▸ **Task inputs**:
>>>>>

(* Let $F$ be the unique series in $\mathbb{Q}[x,\bar x,y,\bar y][[t]]$ satisfying $(1-St)F=\bar x\bar y-\bar x t[x^0][y^\ge]F-\bar y t[y^0][x^\ge]F$, and set $F_1=[x^<]F+[x^\ge][y^<]F$ and $F_2=[x^\ge][y^\ge]F$ (so $F=F_1+F_2$). Define $$H(x,y,t)=(\bar x-x)\,[\bar x]\Bigl(\bar y\,[y^\le]F_1(x,\bar y,t)-y\,[y^\ge]F_1(x,y,t)\Bigr).$$ Then $$F_2(x,y,t)=\bar x\bar y t\,[x^>][y^>]\frac{H(x,y,t)+H(y,x,t)}{1-St}.$$
   Context: Notation: $\bar x=x^{-1}$, $\bar y=y^{-1}$, $S=x+y+\bar x+\bar y$; series in $\mathbb{Q}[x,\bar x,y,\bar y][[t]]$, with $1/(1-St)$ expanded as a power series in $t$. For $G=\sum c_{i,j,n}x^iy^jt^n$: $[x^0]G=\sum_{j,n}c_{0,j,n}y^jt^n$, $[y^0]G=\sum_{i,n}c_{i,0,n}x^it^n$; $[x^<],[x^\le],[x^\ge],[x^>]$ denote the sums of terms with $x$-exponent $<0$, $\le0$, $\ge0$, $>0$ respectively, analogously for $y$; $[\bar x]G=\sum_{j,n}c_{-1,j,n}y^jt^n$ is the coefficient of $x^{-1}$. *)

(* Formal power series in t with Laurent-polynomial
   coefficients in x, y over Q, represented by coefficient functions
   G i j n = [x^i y^j t^n] G. *)
From HB Require Import structures.
From mathcomp Require Import all_boot all_order all_algebra.
Set Implicit Arguments. Unset Strict Implicit. Unset Printing Implicit Defensive.
Import Order.TTheory GRing.Theory Num.Theory.
Local Open Scope ring_scope.

Definition series := int -> int -> nat -> rat.

Definition laurent_series (G : series) : Prop :=
  forall n : nat, exists N : nat, forall (i j : int),
    ((N < `|i|)%N || (N < `|j|)%N) -> G i j n = 0.

Definition sadd (G K : series) : series := fun i j n => G i j n + K i j n.
Definition ssub (G K : series) : series := fun i j n => G i j n - K i j n.

Definition mul_x (G : series) : series := fun i j n => G (i - 1) j n.
Definition mul_xb (G : series) : series := fun i j n => G (i + 1) j n.
Definition mul_y (G : series) : series := fun i j n => G i (j - 1) n.
Definition mul_yb (G : series) : series := fun i j n => G i (j + 1) n.
Definition mul_t (G : series) : series :=
  fun i j n => match n with 0%N => 0 | n'.+1 => G i j n' end.

Definition mul_S (G : series) : series :=
  sadd (sadd (mul_x G) (mul_y G)) (sadd (mul_xb G) (mul_yb G)).

(* G / (1 - S t) = sum_k S^k t^k G *)
Definition div_1_St (G : series) : series :=
  fun i j n => \sum_(k < n.+1) iter k mul_S G i j (n - k)%N.

Definition xbyb : series :=
  fun i j n => if (i == -1) && (j == -1) && (n == 0%N) then 1 else 0.

Definition cx0 (G : series) : series := fun i j n => if i == 0 then G i j n else 0.
Definition cy0 (G : series) : series := fun i j n => if j == 0 then G i j n else 0.
Definition cxlt (G : series) : series := fun i j n => if i < 0 then G i j n else 0.
Definition cxle (G : series) : series := fun i j n => if i <= 0 then G i j n else 0.
Definition cxge (G : series) : series := fun i j n => if 0 <= i then G i j n else 0.
Definition cxgt (G : series) : series := fun i j n => if 0 < i then G i j n else 0.
Definition cylt (G : series) : series := fun i j n => if j < 0 then G i j n else 0.
Definition cyle (G : series) : series := fun i j n => if j <= 0 then G i j n else 0.
Definition cyge (G : series) : series := fun i j n => if 0 <= j then G i j n else 0.
Definition cygt (G : series) : series := fun i j n => if 0 < j then G i j n else 0.
(* [xbar] G : coefficient of x^{-1}, a series in y and t only *)
Definition cxbar (G : series) : series := fun i j n => if i == 0 then G (-1) j n else 0.

Definition subst_yb (G : series) : series := fun i j n => G i (- j) n.
Definition swap_xy (G : series) : series := fun i j n => G j i n.

Definition series_eq (G K : series) : Prop := forall i j n, G i j n = K i j n.

Definition funeq (F : series) : Prop :=
  series_eq (ssub F (mul_t (mul_S F)))
            (ssub (ssub xbyb (mul_xb (mul_t (cx0 (cyge F)))))
                  (mul_yb (mul_t (cy0 (cxge F))))).

Definition F1 (F : series) : series := sadd (cxlt F) (cxge (cylt F)).
Definition F2 (F : series) : series := cxge (cyge F).

Definition Hser (F : series) : series :=
  let inner := ssub (mul_yb (cyle (subst_yb (F1 F)))) (mul_y (cyge (F1 F))) in
  let c := cxbar inner in
  ssub (mul_xb c) (mul_x c).

(* Write K = H(x,y) + H(y,x) and E = t K / (1 - St), so that the claim says
   [x^a y^b] F = [x^(a+1) y^(b+1)] E for all a, b >= 0.
   1. H is antisymmetric under x -> xbar and under y -> ybar, hence so are K
      and E (multiplication by S and by t commutes with both reflections);
      in particular E vanishes on the lines x^0 and y^0.
   2. E satisfies E = t K + t S E, and the functional equation gives
      F = xbar ybar + t S F - (boundary terms), which vanish in the quadrant.
   3. F is symmetric in x and y, and on the shifted quadrant K only sees the
      boundary values: K(a+1, b+1) = [a = 0] F(-1, b) + [b = 0] F(-1, a).
   4. By induction on the t-degree, F and the shifted E agree on the quadrant:
      the neighbours of (a, b) that leave the quadrant are exactly compensated
      by the boundary values in K, using the vanishing of E on the axes. *)
From mathcomp Require Import all_boot all_order all_algebra.
From mathcomp Require Import zify ring lra.
Import Order.TTheory GRing.Theory Num.Theory.
Local Open Scope ring_scope.

Definition antix (G : series) : Prop := forall i j n, G (- i) j n = - G i j n.
Definition antiy (G : series) : Prop := forall i j n, G i (- j) n = - G i j n.

Definition t_div_1_St (G : series) : series := mul_t (div_1_St G).

Lemma antix_axis (G : series) : antix G -> forall j n, G 0 j n = 0.
Proof. by move=> hG j n; have := hG 0 j n; rewrite oppr0; lra. Qed.

Lemma antiy_axis (G : series) : antiy G -> forall i n, G i 0 n = 0.
Proof. by move=> hG i n; have := hG i 0 n; rewrite oppr0; lra. Qed.

(* S is invariant under both reflections, so multiplying by S preserves
   antisymmetry; the same holds for t and hence for t / (1 - St). *)
Lemma mul_S_antix (G : series) : antix G -> antix (mul_S G).
Proof.
move=> hG i j n; rewrite /mul_S /sadd /mul_x /mul_y /mul_xb /mul_yb.
have -> : - i - 1 = - (i + 1) by ring.
have -> : - i + 1 = - (i - 1) by ring.
rewrite !hG; ring.
Qed.

Lemma mul_S_antiy (G : series) : antiy G -> antiy (mul_S G).
Proof.
move=> hG i j n; rewrite /mul_S /sadd /mul_x /mul_y /mul_xb /mul_yb.
have -> : - j - 1 = - (j + 1) by ring.
have -> : - j + 1 = - (j - 1) by ring.
rewrite !hG; ring.
Qed.

Lemma t_div_1_St_antix (G : series) : antix G -> antix (t_div_1_St G).
Proof.
move=> hG i j [|n] /=; first by rewrite oppr0.
rewrite /div_1_St -sumrN; apply: eq_bigr => k _.
have hk : antix (iter k mul_S G) by elim: (k : nat) => //= k' IHk; apply: mul_S_antix.
exact: hk.
Qed.

Lemma t_div_1_St_antiy (G : series) : antiy G -> antiy (t_div_1_St G).
Proof.
move=> hG i j [|n] /=; first by rewrite oppr0.
rewrite /div_1_St -sumrN; apply: eq_bigr => k _.
have hk : antiy (iter k mul_S G) by elim: (k : nat) => //= k' IHk; apply: mul_S_antiy.
exact: hk.
Qed.

Lemma t_div_1_St_rec (G : series) a b n :
  t_div_1_St G a b n.+1 = G a b n + mul_S (t_div_1_St G) a b n.
Proof.
rewrite /t_div_1_St /= /div_1_St big_ord_recl /= subn0; congr (_ + _).
case: n => [|n]; first by rewrite big_ord0 /mul_S /sadd /mul_x /mul_y /mul_xb /mul_yb /=; ring.
rewrite /mul_S /sadd /mul_x /mul_y /mul_xb /mul_yb -!big_split /=.
by apply: eq_bigr => k _; rewrite subSS.
Qed.

Section FunctionalEquation.
Variable F : series.
Hypothesis hF : funeq F.

Lemma funeq_init a b : F a b 0 = xbyb a b 0.
Proof. by have := hF a b 0%N; rewrite /ssub /= /mul_xb /mul_yb /=; lra. Qed.

Lemma funeq_rec a b n :
  F a b n.+1 = mul_S F a b n - cx0 (cyge F) (a + 1) b n - cy0 (cxge F) a (b + 1) n.
Proof. by have := hF a b n.+1; rewrite /ssub /xbyb /mul_xb /mul_yb /= andbF; lra. Qed.

Lemma funeq_rec_quadrant a b n : 0 <= a -> 0 <= b ->
  F a b n.+1 = mul_S F a b n.
Proof.
move=> ha hb; rewrite funeq_rec /cx0 /cy0.
have -> : (a + 1 == 0) = false by lia.
have -> : (b + 1 == 0) = false by lia.
by rewrite !subr0.
Qed.

(* The equation is invariant under exchanging x and y, hence so is F. *)
Lemma F_sym n a b : F a b n = F b a n.
Proof.
elim: n a b => [|n IH] a b.
  by rewrite !funeq_init /xbyb; case: (a == -1); case: (b == -1).
rewrite !funeq_rec /mul_S /sadd /mul_x /mul_y /mul_xb /mul_yb /cx0 /cy0 /cyge /cxge.
rewrite (IH (b - 1) a) (IH b (a - 1)) (IH (b + 1) a) (IH b (a + 1)); ring.
Qed.

End FunctionalEquation.

(* H is antisymmetric in x (through the factor xbar - x) and in y (the two
   terms ybar [y^<=] F1(x,ybar) and y [y^>=] F1(x,y) are exchanged by y -> ybar). *)
Lemma Hser_antix (F : series) : antix (Hser F).
Proof.
move=> i j n; rewrite /Hser /ssub /mul_xb /mul_x /cxbar.
have -> : - i + 1 = - (i - 1) by ring.
have -> : - i - 1 = - (i + 1) by ring.
rewrite !oppr_eq0; case: (i - 1 == 0); case: (i + 1 == 0); ring.
Qed.

Lemma Hser_antiy (F : series) : antiy (Hser F).
Proof.
move=> i j n.
rewrite /Hser /ssub /mul_xb /mul_x /cxbar /mul_yb /mul_y /cyle /cyge /subst_yb.
have -> : (- j + 1 <= 0) = (0 <= j - 1) by lia.
have -> : (0 <= - j - 1) = (j + 1 <= 0) by lia.
have -> : - (- j + 1) = j - 1 by ring.
have -> : - j - 1 = - (j + 1) by ring.
case: (i + 1 == 0); case: (i - 1 == 0); case: (0 <= j - 1); case: (j + 1 <= 0); ring.
Qed.

Definition Kser (F : series) : series := sadd (Hser F) (swap_xy (Hser F)).

Lemma Kser_antix (F : series) : antix (Kser F).
Proof. by move=> i j n; rewrite /Kser /sadd /swap_xy Hser_antix Hser_antiy; ring. Qed.

Lemma Kser_antiy (F : series) : antiy (Kser F).
Proof. by move=> i j n; rewrite /Kser /sadd /swap_xy Hser_antix Hser_antiy; ring. Qed.

Lemma Hser_quadrant (F : series) i j n : 0 <= i -> 0 <= j ->
  Hser F (i + 1) (j + 1) n = if i == 0 then F (-1) j n else 0.
Proof.
move=> hi hj.
rewrite /Hser /ssub /mul_xb /mul_x /cxbar /mul_yb /mul_y /cyle /cyge /subst_yb.
have -> : (i + 1 + 1 == 0) = false by lia.
have -> : (i + 1 - 1 == 0) = (i == 0) by lia.
have -> : (j + 1 + 1 <= 0) = false by lia.
have -> : (0 <= j + 1 - 1) = true by lia.
rewrite addrK /F1 /sadd /cxlt /cxge /cylt /=.
by case: (i == 0); ring.
Qed.

Section QuadrantInduction.
Variable F : series.
Hypothesis hF : funeq F.

Let E : series := t_div_1_St (Kser F).

Definition quadrant_eq (n : nat) : Prop :=
  forall a b, 0 <= a -> 0 <= b -> F a b n = E (a + 1) (b + 1) n.

Lemma quadrant_eq0 : quadrant_eq 0.
Proof.
move=> a b ha hb; rewrite funeq_init // /xbyb.
by have -> : (a == -1) = false by lia.
Qed.

Section Step.
Variable n : nat.
Hypothesis IH : quadrant_eq n.

(* Leaving the quadrant to the left is compensated by E vanishing on x^0 and
   by the boundary value F(-1, b) carried by K. *)
Lemma left_neighbour a b : 0 <= a -> 0 <= b ->
  F (a - 1) b n = E a (b + 1) n + (if a == 0 then F (-1) b n else 0).
Proof.
move=> ha hb; case: eqP => [->|ha0].
  rewrite sub0r antix_axis ?add0r //.
  by apply/t_div_1_St_antix/Kser_antix.
by rewrite IH ?subrK ?addr0 //; lia.
Qed.

(* Same below, using the symmetry of F to read F(a, -1) as F(-1, a). *)
Lemma lower_neighbour a b : 0 <= a -> 0 <= b ->
  F a (b - 1) n = E (a + 1) b n + (if b == 0 then F (-1) a n else 0).
Proof.
move=> ha hb; case: eqP => [->|hb0].
  rewrite sub0r antiy_axis ?add0r; first exact: F_sym.
  by apply/t_div_1_St_antiy/Kser_antiy.
by rewrite IH ?subrK ?addr0 //; lia.
Qed.

Lemma quadrant_eqS : quadrant_eq n.+1.
Proof.
move=> a b ha hb.
rewrite funeq_rec_quadrant // /E t_div_1_St_rec -/E.
rewrite /Kser /sadd /swap_xy !Hser_quadrant //.
rewrite /mul_S /sadd /mul_x /mul_y /mul_xb /mul_yb.
rewrite left_neighbour // lower_neighbour // (IH (a + 1) b) ?(IH a (b + 1)); try lia.
rewrite !addrK; case: (a == 0); case: (b == 0); ring.
Qed.

End Step.

Lemma quadrant_eq_all n : quadrant_eq n.
Proof. by elim: n => [|n IH]; [exact: quadrant_eq0 | exact: quadrant_eqS]. Qed.

End QuadrantInduction.

Theorem mainTheorem8 (F : series) :
  laurent_series F -> funeq F ->
  series_eq (F2 F)
    (mul_xb (mul_yb (mul_t (cxgt (cygt (div_1_St (sadd (Hser F) (swap_xy (Hser F))))))))).
Proof.
move=> _ hF a b n; rewrite /F2 /cxge /cyge /mul_xb /mul_yb.
have -> : mul_t (cxgt (cygt (div_1_St (Kser F)))) (a + 1) (b + 1) n =
    if (0 < a + 1) && (0 < b + 1) then t_div_1_St (Kser F) (a + 1) (b + 1) n else 0.
  by rewrite /t_div_1_St /cxgt /cygt; case: n => [|n] /=;
     case: (0 < a + 1); case: (0 < b + 1).
have [ha|ha] := boolP (0 <= a); last first.
  by have -> : 0 < a + 1 = false by lia.
have [hb|hb] := boolP (0 <= b); last first.
  by rewrite (_ : 0 < b + 1 = false) ?andbF //; lia.
have -> : (0 < a + 1) && (0 < b + 1) by lia.
exact: quadrant_eq_all.
Qed.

<<<<<

▸ **What needs to be done**: There is a run of lines above from the one with "Lemma Hser_quadrant (F" to the one with "have -> : (j + 1 + 1 <= 0) = false by lia."; print exactly that run, both ends included, and nothing else.

▸ **Written solution**:
Lemma Hser_quadrant (F : series) i j n : 0 <= i -> 0 <= j ->
  Hser F (i + 1) (j + 1) n = if i == 0 then F (-1) j n else 0.
Proof.
move=> hi hj.
rewrite /Hser /ssub /mul_xb /mul_x /cxbar /mul_yb /mul_y /cyle /cyge /subst_yb.
have -> : (i + 1 + 1 == 0) = false by lia.
have -> : (i + 1 - 1 == 0) = (i == 0) by lia.
have -> : (j + 1 + 1 <= 0) = false by lia.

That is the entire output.